**TASK REQUIREMENTS**
Only lines containing the word "coprime" are needed; pull them out of the material.

**DATA SECTION**
Section Synchronization.
Variables (b : nat) (fstar : nat -> nat) (mstar u : nat).
Hypotheses (hb : 2 <= b) (f0 : fstar 0 = 0) (f1 : fstar 1 = 1) (lt_mb : mstar < b).
Local Notation f := (digit_map b fstar).
Hypotheses (co_bF : coprime b (f b.-1)) (co_m : coprime `|f mstar - mstar|%N (f b.-1)).
Hypothesis u_in_D : in_D f u.
Hypothesis concurrent : forall x, in_D f x ->
  exists hx, 0 < hx /\ concurrently_u_integers f u (hx + u) (hx + x).

Lemma synchronizable_pullback T h s s' :
  {subset [seq iter T f (h + x) | x <- s] <= s'} ->
  synchronizable f u s' -> synchronizable f u s.
Proof.
move=> sub [c [r sync']].
have [H shift] := digit_map_iter_shift hb f0 f1 T c [seq h + x | x <- s].
exists (H + h), (r + T) => x xs.
rewrite iterD -addnA shift ?map_f // sync' // sub //.
exact: (map_f (fun x => iter T f (h + x))).
Qed.

Lemma synchronizable_concurrent z : in_D f z -> synchronizable f u [:: u; z].
Proof.
move=> /concurrent [c [_ [r [_ [cu cz]]]]].
by exists c, r => x; rewrite !inE => /orP [] /eqP ->.
Qed.

Lemma synchronizable_u0 : synchronizable f u [:: u; 0].
Proof.
have [u_gt0 [p [p_gt0 per_u]]] := u_in_D.
have [j [E f_img]] :=
  exists_power_preimage_in_class hb f0 f1 co_bF (u.-1 + f (b ^ u - u)) lt_mb co_m.
have [a fa] := digit_map_surjective hb f0 f1 u.-1.
have lt_pow : b ^ (j + u) < b ^ (j + u).+1 by rewrite ltn_exp2l.
have lt_u : u < b ^ u by rewrite ltn_expl.
have le_u : 0 < u <= b ^ u by rewrite u_gt0 ltnW.
have lt_uk : u < b ^ (j + u).
  by rewrite (leq_trans lt_u) // leq_pexp2l ?leq_addl // ltnW.
(* f (c + u) = f a + 1 = u, while f c = u - 1 + f (b^u - u) + j f (b-1) is
   mapped to a power of b, hence to 1 in two more steps. *)
pose c := a * b ^ (j + u).+1 + (b ^ (j + u) - u).
have f_c : f c = u.-1 + f (b ^ u - u) + j * f b.-1.
  rewrite (digit_map_add hb f0) ?(digit_map_pow_sub hb f0) ?fa //; first lia.
  by rewrite (leq_ltn_trans (leq_subr _ _)).
have f_cu : f (c + u) = u.
  rewrite -addnA subnK 1?ltnW // (digit_map_add hb f0) // fa.
  by rewrite (digit_map_expn hb f0 f1) addn1 prednK.
have iter3_c : iter 3 f c = 1 by rewrite /= f_c f_img digit_map_expn.
apply: (@synchronizable_pullback (3 * p).+1 c _ [:: u; 1]); last first.
  apply: synchronizable_concurrent; split => //; exists 1; split => //=.
  by rewrite digit_map_digit.
move=> _ /mapP [x + ->]; rewrite !inE => /orP [] /eqP ->.
  by rewrite iterSr f_cu iter_periodic_mul // eqxx.
have le3 : 3 <= (3 * p).+1 by lia.
rewrite addn0 -(subnK le3) iterD iter3_c iter_fix ?eqxx ?orbT //.
by rewrite digit_map_digit.
Qed.

Lemma synchronizable_periodic z q : 0 < q -> iter q f z = z ->
  synchronizable f u [:: u; z].
Proof.
case: (posnP z) => [-> _ _|z_gt0 q_gt0 per]; first exact: synchronizable_u0.
by apply: synchronizable_concurrent; split => //; exists q.
Qed.

Lemma synchronizable_all s : synchronizable f u s.
Proof.
have [_ [p [p_gt0 per_u]]] := u_in_D.
elim: s => [|y s [h [r sync_s]]]; first by exists 0, 0.
have [i [q [q_gt0 per]]] := digit_map_eventually_periodic hb f0 (h + y).
pose T := i * p + r.
apply: (@synchronizable_pullback T h _ [:: u; iter T f (h + y)]); last first.
  by apply: (synchronizable_periodic q_gt0); apply: iter_periodic_tail per _; nia.
move=> _ /mapP [x + ->]; rewrite inE => /orP [/eqP -> | xs].
  by rewrite !inE eqxx orbT.
by rewrite /T iterD sync_s // iter_periodic_mul // inE eqxx.
Qed.

End Synchronization.

Theorem lemma2p2 (b : nat) (fstar : nat -> nat) (mstar u : nat) :
  2 <= b ->
  fstar 0 = 0 ->
  fstar 1 = 1 ->
  coprime b (fstar b.-1) ->
  mstar < b ->
  coprime `|digit_map b fstar mstar - mstar|%N (digit_map b fstar b.-1) ->
  in_D (digit_map b fstar) u ->
  (forall x, in_D (digit_map b fstar) x ->
     exists hx, 0 < hx /\
       concurrently_u_integers (digit_map b fstar) u (hx + u) (hx + x)) ->
  exists h, 0 < h /\
    forall x, in_D (digit_map b fstar) x -> is_u_integer (digit_map b fstar) u (h + x).
Proof.
move=> hb f0 f1 co_b lt_mb co_m u_in_D concurrent.
have co_bF : coprime b (digit_map b fstar b.-1).
  by rewrite digit_map_digit // ltn_predL ltnW.
have [K le_K] := in_D_bounded hb f0.
have [h [r sync]] :=
  synchronizable_all hb f0 f1 lt_mb co_bF co_m u_in_D concurrent (iota 1 K.+1).
have [_ [p [p_gt0 per_u]]] := u_in_D.
exists h.+1; split => // x x_in_D.
exists (p + r); split; first by rewrite addn_gt0 p_gt0.
(* Synchronising the successors of D makes the shift h.+1 positive. *)
have x_iota : x.+1 \in iota 1 K.+1 by rewrite mem_iota; have := le_K _ x_in_D; lia.
by rewrite iterD addSnnS sync.
Qed.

**REPLY TO THE EXERCISE**
Hypotheses (co_bF : coprime b (f b.-1)) (co_m : coprime `|f mstar - mstar|%N (f b.-1)).
  coprime b (fstar b.-1) ->
  coprime `|digit_map b fstar mstar - mstar|%N (digit_map b fstar b.-1) ->
have co_bF : coprime b (digit_map b fstar b.-1).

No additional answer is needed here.